Wisconsin engineering: Support, retain and grow

Posted on 10. Dec, 2012 by in Beyond Boundaries, Gift Report, In Depth, Students

Dean Paul Peercy

College of Engineering Dean Paul Peercy. Photo: David Nevala

When I joined the UW-Madison College of Engineering as dean in 1999, I was determined to address a persistent problem: Too many students who begin undergraduate life aspiring to be engineers end up leaving engineering. As I look back on nearly 14 years of college leadership, I can say confidently that we’re turning that problem around in Wisconsin. Our talented faculty and staff developed and implemented a comprehensive plan to enhance the first-year experience, dramatically expand tutoring support, increase hands-on opportunities and wisely integrate technology to improve the learning experience and the engineering education our students receive.

The result has been that far more of our students are getting the help they need when they need it to stay on course toward a truly rewarding and high impact profession. We have a foundation in place to ensure that the next leader of this great college can oversee continued success.
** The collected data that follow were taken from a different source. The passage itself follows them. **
(* For any solution $(w,F)\in X\times\mathbb R$ of the height equation, with $h=H+w$ and $\eta(q)=w(q,0)$, $$\frac1{F^2}\Big[\int_{-1}^0|\rho_p|\,w(0,p)^2\,dp+\rho(0)\eta(0)^2\Big]=\int_{-1}^0\frac{w_p(0,p)^2}{H_p(p)^2\,h_p(0,p)}\,dp.$$
   Context: Fix $\alpha\in(0,1)$, $\rho\in C^{2+\alpha}([-1,0])$ with $\rho>0$, $\rho_p\le0$, and $H\in C^{3+\alpha}([-1,0])$ with $H(-1)=0$, $H(0)=1$, $H_p>0$. Let $R=\mathbb R\times(-1,0)$ (coordinates $(q,p)$), $T=\mathbb R\times\{0\}$, $B=\mathbb R\times\{-1\}$. $(w,F)$ solves the height equation if $h=H+w$ satisfies $\big(-\frac{1+h_q^2}{2h_p^2}+\frac1{2H_p^2}\big)_p+\big(\frac{h_q}{h_p}\big)_q-\frac1{F^2}\rho_p(h-H)=0$ in $R$, $\frac{1+h_q^2}{2h_p^2}-\frac1{2H_p^2}+\frac1{F^2}\rho(h-1)=0$ on $T$, $h=0$ on $B$, and $0<\inf_R(H_p+w_p)<\infty$. $X$: $w\in C^{3+\alpha}(\overline R)$ of finite norm, even in $q$, with $w$ and derivatives of order $\le2$ tending to $0$ uniformly as $|q|\to\infty$, $w=0$ on $B$. *)

From Stdlib Require Import Reals Lra List ClassicalEpsilon.
From Coquelicot Require Import Coquelicot.
Open Scope R_scope.

(** The closed interval [-1,0]; the closed strip  closure(R) = R x [-1,0]. *)
Definition Icl (p : R) : Prop := -1 <= p <= 0.

(** Derivative of g : R -> R at x relative to the closed interval [-1,0]
    (one-sided at the endpoints, ordinary in the interior). *)
Definition is_deriv_I (g : R -> R) (x l : R) : Prop :=
  filterlim (fun y => (g y - g x) / (y - x))
    (within (fun y => Icl y /\ y <> x) (locally x)) (locally l).
Definition ex_deriv_I (g : R -> R) (x : R) : Prop := exists l, is_deriv_I g x l.
Definition dI (g : R -> R) (x : R) : R :=
  epsilon (inhabits 0) (fun l => is_deriv_I g x l).
Fixpoint dIn (n : nat) (g : R -> R) : R -> R :=
  match n with O => g | S n' => dI (dIn n' g) end.

Definition cont_I (g : R -> R) : Prop :=
  forall x, Icl x -> forall eps, 0 < eps -> exists del, 0 < del /\
    forall y, Icl y -> Rabs (y - x) < del -> Rabs (g y - g x) < eps.

Definition holder_I (a : R) (g : R -> R) : Prop :=
  exists C, forall x y, Icl x -> Icl y -> x <> y ->
    Rabs (g x - g y) <= C * Rpower (Rabs (x - y)) a.

Definition CkaI (k : nat) (a : R) (g : R -> R) : Prop :=
  (forall j, (j < k)%nat -> forall x, Icl x -> ex_deriv_I (dIn j g) x) /\
  (forall j, (j <= k)%nat -> cont_I (dIn j g)) /\
  holder_I a (dIn k g).

Definition dq (f : R -> R -> R) (q p : R) : R := Derive (fun x => f x p) q.
Definition dp (f : R -> R -> R) (q p : R) : R := dI (f q) p.
(** Iterated partial derivative along a word (true = d/dq, false = d/dp). *)
Fixpoint Dw (s : list bool) (f : R -> R -> R) : R -> R -> R :=
  match s with
  | nil => f
  | b :: s' => if b then dq (Dw s' f) else dp (Dw s' f)
  end.

Definition cont_strip (f : R -> R -> R) : Prop :=
  forall q p, Icl p -> forall eps, 0 < eps -> exists del, 0 < del /\
    forall q' p', Icl p' -> Rabs (q' - q) < del -> Rabs (p' - p) < del ->
      Rabs (f q' p' - f q p) < eps.

Definition Cka_strip (k : nat) (a : R) (f : R -> R -> R) : Prop :=
  (forall s, (length s < k)%nat -> forall q p, Icl p ->
      ex_derive (fun x => Dw s f x p) q /\ ex_deriv_I (Dw s f q) p) /\
  (forall s, (length s <= k)%nat -> cont_strip (Dw s f)) /\
  (forall s, (length s <= k)%nat -> exists M, forall q p, Icl p ->
      Rabs (Dw s f q p) <= M) /\
  (forall s, length s = k -> exists C, forall q p q' p', Icl p -> Icl p' ->
      (q, p) <> (q', p') ->
      Rabs (Dw s f q p - Dw s f q' p') <=
        C * Rpower (sqrt ((q - q') ^ 2 + (p - p') ^ 2)) a).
Retaining our aspiring engineers is increasingly important as the nation and the world needs more engineers. The engineering profession faces an unprecedented growth opportunity. America severely needs more engineers to stay competitive with emerging economies. That’s why a 2012 presidential panel on jobs recommended that engineering colleges produce an additional 10,000 engineering and computer science graduates each year.

We’re doing our part through some significant increases in enrollment capacity. We have grown from roughly 3,200 undergraduates in 2006 to 4,100 students in fall 2012. Through our differential tuition program, we have made essential investments in core courses and labs to meet student demand. Our current growth projections suggest we will reach up to 5,000 undergraduate students by 2016.

The important number is not how many students we enroll, but how many we move successfully along the path to graduation. Our “grow from within” strategy, through the use of innovative retention programs, is second to none among engineering programs nationally. Our graduation rate for students who enter an engineering degree program (typically by their sophomore year) is 85 percent.

The college Undergraduate Learning Center (ULC) is one of the biggest contributors. Last year, more than 2,200 students used ULC for drop-in tutoring and 320 students enrolled in supplemental instruction workshops. They received help on more than 20 introductory and intermediate math and science courses—the courses that frustrated past aspiring engineers and pushed them toward alternative careers.

We also made substantial improvements to our advising process. Required advising begins prior to the freshman year and is repeated before each semester. Students encounter a registration hold that is lifted only after a sit-down advising session, where staff can identify problems early enough to be corrected.

It is equally important to inspire students early to the tremendous potential and promise of engineering. We have a slate of freshman courses built around hands-on, real-world design problems that give students an early taste of working with clients and in teams. We’ve made big investments in engineering shops and design spaces, giving students every opportunity to turn academic knowledge into tangible solutions.

Another major advance has been our deployment of technology to improve student learning and become more efficient with our increased student enrollment. We are on our way toward a goal of converting 75 percent of engineering core course to blended formats. That means “inverting” the traditional classroom—putting lectures and homework online and freeing classroom time for interactive discussion.

Thinking back to 1999, my top priority was pretty simple and it hasn’t changed today: Prepare the next generation of engineers for success in a rapidly changing world. That’s different than simply producing more engineers. It means maximizing the potential of every aspiring engineer who comes through our doors.